Here is the text of an article from Inside Radio published on November 25, 2014, where FCC Commissioner Michael O’Rielly praises Buffalo radio and TV stations for their storm coverage:

Buffalo broadcasters last week showed off the power of radio once again as they responded to a historic snow storm that paralyzed parts of the market.   FCC commissioner Michael O’Rielly, a Buffalo native, is giving western New York radio and television stations high marks.  “It strengthens my view on broadcasting in general,” he tells Inside Radio.

O’Rielly held a conference call with Buffalo radio and TV managers to not only see if they needed any federal support (they didn’t) but also to hear first-hand about their efforts.  “They kept powering through the storm, committing umpteen hours of airtime, and bringing in teams from other parts of the country, making sure they had troops to get out the information,” he says.
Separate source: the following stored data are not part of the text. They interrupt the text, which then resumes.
(* Let $f$ be a non-trivial constraint and let $P$ be a multilinear polynomial over $\mathbb{Q}$ in $\ell$ variables of degree $d$ with $0\le d\le\deg(f)$. Then there exist $M$, constraints $f_1,\dots,f_M$ each expressible by $f$ with constants, index tuples $(j_i^1,\dots,j_i^{\mathrm{ar}(f_i)})$ with entries in $[\ell]$, and rationals $\alpha_1,\dots,\alpha_M\in\mathbb{Q}$ such that the polynomial identity $$P(x_1,\dots,x_\ell)=\sum_{i=1}^M\alpha_i\cdot P_{f_i}(x_{j_i^1},\dots,x_{j_i^{\mathrm{ar}(f_i)}})$$ holds.
   Context: A $k$-ary constraint is $f\colon\{0,1\}^k\to\{0,1\}$ ($k=\mathrm{ar}(f)$), trivial if it is constant. Its characteristic polynomial $P_f$ is the unique multilinear polynomial over $\mathbb{R}$ in $k$ variables with $P_f(x)=f(x)$ for all $x\in\{0,1\}^k$; $\deg(f)=\deg(P_f)$. A $d$-ary constraint $g$ is expressible by $f$ with constants if $g(x_1,\dots,x_d)=f(\xi_1,\dots,\xi_k)$ identically, where each $\xi_j$ is either a variable $x_i$ for some $i\in[d]$ or one of the constants $0,1$. *)

From HB Require Import structures.
From mathcomp Require Import all_boot all_order all_algebra.
From mathcomp Require Import finmap mpoly.
Set Implicit Arguments. Unset Strict Implicit. Unset Printing Implicit Defensive.
Import Order.TTheory GRing.Theory Num.Theory.
Local Open Scope ring_scope.

Record constraint := Constraint {
  ar : nat;
  cfun : {ffun (bool ^ ar) -> bool} }.

Definition trivial_constraint (f : constraint) : Prop :=
  exists b : bool, forall x, cfun f x = b.

Definition multilinear (n : nat) (p : {mpoly rat[n]}) : Prop :=
  forall m, m \in msupp p -> forall i : 'I_n, (m i <= 1)%N.

(* Total degree (degree of the zero polynomial is taken to be 0). *)
Definition mpdeg (n : nat) (p : {mpoly rat[n]}) : nat := (msize p).-1.

Definition charpoly (f : constraint) : {mpoly rat[ar f]} :=
  \sum_(a : bool ^ ar f)
     (cfun f a)%:R *: \prod_(i < ar f) (if a i then 'X_i else 1 - 'X_i).

Definition cdeg (f : constraint) : nat := mpdeg (charpoly f).

Definition expressible (f g : constraint) : Prop :=
  exists xi : 'I_(ar f) -> 'I_(ar g) + bool,
    forall x : bool ^ ar g,
      cfun g x = cfun f [ffun j => match xi j with inl i => x i | inr b => b end].

Definition subst_vars (l : nat) (g : constraint) (j : 'I_(ar g) -> 'I_l)
    : {mpoly rat[l]} :=
  comp_mpoly [tuple 'X_(j t) | t < ar g] (charpoly g).

(* The characteristic polynomial of f is sum_T mu(T) x^T with Moebius coefficients
   mu(T) = sum_(C <= T) (-1)^|T \ C| f(C), so deg f = |T| for some T with mu(T) <> 0,
   and it suffices to produce every monomial x^S with |S| <= |T|.  Map T onto S,
   leaving the other points of T unmapped, and for C <= T let g_C be f with input t
   set to 0 off C, to x_j if t is mapped to j, and to 1 otherwise.  Then
   sum_(C <= T) (-1)^|T \ C| g_C(x) = mu(T) [S <= x]: when x_j = 0 for some j in S,
   toggling a preimage of j pairs off opposite terms.  Finally [S <= x] interpolates
   to x^S. *)

From HB Require Import structures.
From mathcomp Require Import all_boot all_order all_algebra.
From mathcomp Require Import finmap mpoly.
Set Implicit Arguments. Unset Strict Implicit. Unset Printing Implicit Defensive.
Import Order.TTheory GRing.Theory Num.Theory.
Local Open Scope ring_scope.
Beyond just giving critical weather information, O’Rielly says broadcasters helped the community create a bond — and hold local officials accountable for claims they made. 

“People were calling in from different communities and stations could turn around and ask the local officials right away about it,” he says. “I was very impressed also with their use of social media — not only were people listening and watching their broadcasts, they were also getting their information out as fast as they could on different media as best they could.”

While FM music stations gave updates, like most markets the information was mainly on the AM dial as the heavy lifting last week was left to Entercom’s news-talk WBEN (930).   “I’m sympathetic to making sure AM can get the changes it needs to survive going forward,” O’Rielly says. “I think there’s an opportunity for us to provide some relief in there and have a stronger AM band.”

But the bigger takeaway, O’Reilly says, is radio’s continued willingness to step up in a crisis. “I think when all broadcasters are put to the challenge, they step up and meet their obligations and the community needs,” he says. “This time it was Buffalo that was challenged but I see that throughout the country through all kinds of crises that they face.”